Later in the morning, someone came to tell me that there was a cardiac arrest in the delivery room. I arrived to find a resuscitation underway: patient already intubated, gynecologist performing chest
compressions. Shortly thereafter, efforts were discontinued.

The patient had apparently been in labour but well. Her blood pressure was normal. She did not fall into our admission criteria, which have been tightened in order to accept only the sickest patients. (Other patients certainly need care, but can be cared for in other centres). As she was getting into the car to be transferred, she felt the urge to push, and so was brought to the delivery room. There, she had a seizure. Then pushed out a stillborn baby, and a placenta that clearly had abrupted. Then she had a cardiac arrest from which she never awoke.

It is a strange case. My theory – not having yet examined the chart – is normotensive eclampsia, abruptio placenta. The cause of the cardiac arrest: possibly hemorrhage from the abruption, possibly amniotic fluid embolus, possibly something else.

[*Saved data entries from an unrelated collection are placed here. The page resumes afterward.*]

Lemma sibuya_tail_itv k : 0 <= sibuya_tail k <= 1.
Proof.
elim: k => [|k /andP[t0 t1]]; first by rewrite sibuya_tail0 ler01 lexx.
have /andP[s0 s1] := sibuya_step_itv k.
by rewrite sibuya_tailS mulr_ge0 //= mulr_ile1.
Qed.

Lemma sibuya_pmf_ge0 k : 0 <= sibuya_pmf k.
Proof.
case: k => [|k]; first exact: lexx.
have /andP[t0 _] := sibuya_tail_itv k.
by case/andP: beta01 => b0 _; rewrite sibuya_pmfS mulr_ge0 // divr_ge0.
Qed.

Lemma sibuya_pmf_le1 k : sibuya_pmf k <= 1.
Proof.
case: k => [|k]; first exact: ler01.
have /andP[_ t1] := sibuya_tail_itv k; have /andP[t0 _] := sibuya_tail_itv k.+1.
by rewrite sibuya_pmf_tail lerBlDr (le_trans t1) // lerDl.
Qed.

Lemma pseries_diffs_sibuya_pmf :
  pseries_diffs sibuya_pmf = (fun k => beta * sibuya_tail k).
Proof.
apply/funext => k; rewrite /pseries_diffs sibuya_pmfS.
have Sk_neq0 : (k.+1%:R : R) != 0 by rewrite pnatr_eq0.
by field.
Qed.

Lemma pseries_sibuya_pmf_tail (x : R) n :
  pseries sibuya_pmf x n.+1 + (1 - x) * pseries sibuya_tail x n.+1 =
  1 - sibuya_tail n * x ^+ n.+1.
Proof.
rewrite /pseries /series /=.
elim: n => [|n IHn].
  by rewrite !big_nat1 sibuya_tail0 expr0 /sibuya_pmf; ring.
rewrite big_nat_recr // [X in _ + _ * X]big_nat_recr // sibuya_pmf_tail.
by rewrite mulrDr addrACA IHn !exprS; ring.
Qed.

End sibuya_coefficients.

Lemma eseries_EFin (R : realType) (u : nat -> R) (l : R) : series u @ \oo --> l ->
  (\sum_(k <oo) (u k)%:E = l%:E)%E.
Proof.
move=> u_l; have -> : (fun n => \sum_(0 <= k < n) (u k)%:E)%E = EFin \o series u.
  by apply/funext => n /=; rewrite sumEFin.
by rewrite EFin_lim ?(cvg_lim _ u_l) //; exact: cvgP u_l.
Qed.

Section sibuya_pgf.
Variables (R : realType) (beta : R).
Hypothesis beta01 : 0 <= beta <= 1.
Local Notation pmf := (sibuya_pmf beta).
Local Notation tail := (sibuya_tail beta).

Definition sibuya_pgf (x : R) : R := limn (pseries (sibuya_pmf beta) x).

Lemma is_cvg_pseries_sibuya_tail (x : R) : `|x| < 1 -> cvgn (pseries tail x).
Proof.
by move=> x1; apply: is_cvg_pseries_unit_bound => // k; exact: sibuya_tail_itv.
Qed.

Lemma is_cvg_pseries_sibuya_pmf (x : R) : `|x| < 1 -> cvgn (pseries pmf x).
Proof.
move=> x1; apply: is_cvg_pseries_unit_bound => // k.
by rewrite sibuya_pmf_ge0 ?sibuya_pmf_le1.
Qed.

Lemma is_derive_sibuya_pgf (x : R) : `|x| < 1 ->
  is_derive x 1 sibuya_pgf (beta * limn (pseries tail x)).
Proof.
move=> x1; pose r := (1 + `|x|) / 2.
have r0 : 0 <= r by rewrite divr_ge0 // addr_ge0.
have r1 : `|r| < 1 by rewrite (ger0_norm r0) ltr_pdivrMr //; lra.
have xr : `|x| < `|r| by rewrite (ger0_norm r0) ltr_pdivlMr //; lra.
have [b0 b1] := andP beta01.
have d1_cvg : cvgn (pseries (pseries_diffs pmf) r).
  apply: is_cvg_pseries_unit_bound => // k; rewrite pseries_diffs_sibuya_pmf.
  by have /andP[t0 t1] := sibuya_tail_itv beta01 k; rewrite mulr_ge0 //= mulr_ile1.
have d2_cvg : cvgn (pseries (pseries_diffs (pseries_diffs pmf)) r).
  apply: is_cvg_pseries_linear_bound => // k.
  rewrite pseries_diffs_sibuya_pmf /pseries_diffs.
  have /andP[t0 t1] := sibuya_tail_itv beta01 k.+1.
  have d2_le : k.+1%:R * (beta * tail k.+1) <= k.+1%:R.
    by rewrite ler_piMr // mulr_ile1.
  have d2_ge0 : 0 <= k.+1%:R * (beta * tail k.+1).
    by rewrite mulr_ge0 //; exact: mulr_ge0 b0 t0.
  by rewrite ger0_norm.
have := pseries_snd_diffs (is_cvg_pseries_sibuya_pmf r1) d1_cvg d2_cvg xr.
rewrite pseries_diffs_sibuya_pmf.
have -> : pseries (fun k => beta * tail k) x =
    series (beta *: (fun k => tail k * x ^+ k)).
  apply/funext => n; rewrite /pseries /series /=.
  by apply: eq_bigr => k _; rewrite -mulrA.
by rewrite lim_seriesZ //; exact: is_cvg_pseries_sibuya_tail.
Qed.

Lemma one_sub_sibuya_pgf (x : R) : `|x| < 1 ->
  1 - sibuya_pgf x = (1 - x) * limn (pseries tail x).
Proof.
move=> x1.
have pmf_cvg : (fun n => pseries pmf x n.+1) @ \oo --> sibuya_pgf x.
  by rewrite cvg_shiftS; exact: is_cvg_pseries_sibuya_pmf.
have last_term0 : (fun n => tail n * x ^+ n.+1) @ \oo --> (0 : R).
  rewrite -(mul0r x); under eq_fun do rewrite exprSr mulrA.
  by apply: cvgMl; apply: cvg_series_cvg_0; exact: is_cvg_pseries_sibuya_tail.
have rhs_cvg : (fun n => 1 - tail n * x ^+ n.+1 - (1 - x) * pseries tail x n.+1)
    @ \oo --> 1 - 0 - (1 - x) * limn (pseries tail x).
  apply: cvgB; first by apply: cvgB => //; exact: cvg_cst.
  apply: cvgMr; rewrite (cvg_shiftS (pseries tail x)).
  exact: is_cvg_pseries_sibuya_tail.
have pmf_eq : (fun n => pseries pmf x n.+1) =
    (fun n => 1 - tail n * x ^+ n.+1 - (1 - x) * pseries tail x n.+1).
  by apply/funext => n; rewrite -pseries_sibuya_pmf_tail addrK.
rewrite pmf_eq in pmf_cvg.
by rewrite (cvg_unique _ pmf_cvg rhs_cvg) //; ring.
Qed.

Lemma sibuya_pgf0 : sibuya_pgf 0 = 0.
Proof.
rewrite /sibuya_pgf (_ : pseries pmf 0 = cst 0) ?lim_cst //.
by apply/funext => n; rewrite /pseries /series /=; apply: big1 => -[|k] _;
  rewrite ?mul0r // expr0n mulr0.
Qed.

Lemma sibuya_pgfE (y : R) : 0 <= y < 1 -> sibuya_pgf y = 1 - (1 - y) `^ beta.
Proof.
case/andP => y0 y1.
pose h := (cst 1 - sibuya_pgf) * (fun x => (1 - x) `^ (- beta)).
have h'0 x : 0 <= x <= y -> is_derive x 1 h 0.
  case/andP=> x0 xy; have x1 : x < 1 by rewrite (le_lt_trans xy).
  have x1_norm : `|x| < 1 by rewrite ger0_norm.
  have x1_gt0 : 0 < 1 - x by rewrite subr_gt0.
  have dG := is_derive_sibuya_pgf x1_norm.
  have dP := is_derive_powR_subr1 (- beta) x1.
  apply: is_derive_eq; rewrite !fctE one_sub_sibuya_pgf //.
  have powR_split : (1 - x) `^ (- beta) = (1 - x) `^ (- beta - 1) * (1 - x).
    rewrite -[X in _ * X](powRr1 (ltW x1_gt0)) -powRD ?subrK //.
    by apply/implyP => _; rewrite gt_eqF.
  by rewrite powR_split /GRing.scale /=; ring.
have h0 : h 0 = 1 by rewrite /h !fctE sibuya_pgf0 !subr0 powR1 mulr1.
have /esym := is_derive0_eq y0 h'0; rewrite h0 /h !fctE powRN => /divr1_eq <-.
by rewrite opprB addrC subrK.
Qed.

Lemma cvg_pseries_sibuya_pmf (y : R) : 0 <= y < 1 ->
  pseries pmf y @ \oo --> 1 - (1 - y) `^ beta.
Proof.
move=> y01; rewrite -sibuya_pgfE //; apply: is_cvg_pseries_sibuya_pmf.
by case/andP: y01 => y0 y1; rewrite ger0_norm.
Qed.

Lemma series_sibuya_pmf n : series pmf n.+1 = 1 - tail n.
Proof.
have := pseries_sibuya_pmf_tail beta 1 n.
rewrite expr1n mulr1 subrr mul0r addr0 => <-.
by rewrite /pseries /series /=; apply: eq_bigr => k _; rewrite expr1n mulr1.
Qed.

Lemma series_sibuya_pmf_le1 n : series pmf n <= 1.
Proof.
case: n => [|n]; first by rewrite /series /= big_nil ler01.
by have /andP[t0 _] := sibuya_tail_itv beta01 n; rewrite series_sibuya_pmf gerBl.
Qed.

Lemma is_cvg_series_sibuya_pmf : cvgn (series pmf).
Proof.
apply: nondecreasing_is_cvgn.
  by apply: nondecreasing_series => n _ _; exact: sibuya_pmf_ge0.
by exists 1 => _ [n _ <-]; exact: series_sibuya_pmf_le1.
Qed.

It was so sudden. The staff was shaken. The family, of course, was devastated. The walls shook with their grief. Their screams went on for a long time. I was thankful that the psychosocial team was so near at hand.

And immediately after, one of the gynecologists came to find me. He looked extremely upset. What should we do? he said. There was a patient about to be operated, with severe pre-eclampsia and two
previous caesarians. She is already anemic, with a hemoglobin of 5.4g/dL. They were about to start a transfusion, but, it turns out, she’s a Jehovah’s Witness and so refused the blood transfusion.

I discussed with the anesthetist and the gynecologist. The patient understands the risk of death without the transfusion. She accepts the surgery. We agreed that it would be good to discuss again with patient and with her family, to know if they all agree, or at least have understood the wishes of the patient. We decided to document the refusal of transfusion separately from the consent for surgery. The doctors asked for the psychosocial team to help with the counselling.

The Brazilian psychologist told me later: everything was arranged. The family agrees: no transfusion. Members of the church came also. The patient would have her operation.

This evening, as I left, I found the anaesthetist, and the surgeon. I asked how the patient was doing. Poorly, they said: she has a systolic blood pressure of 60. They were bringing the husband upstairs to see her.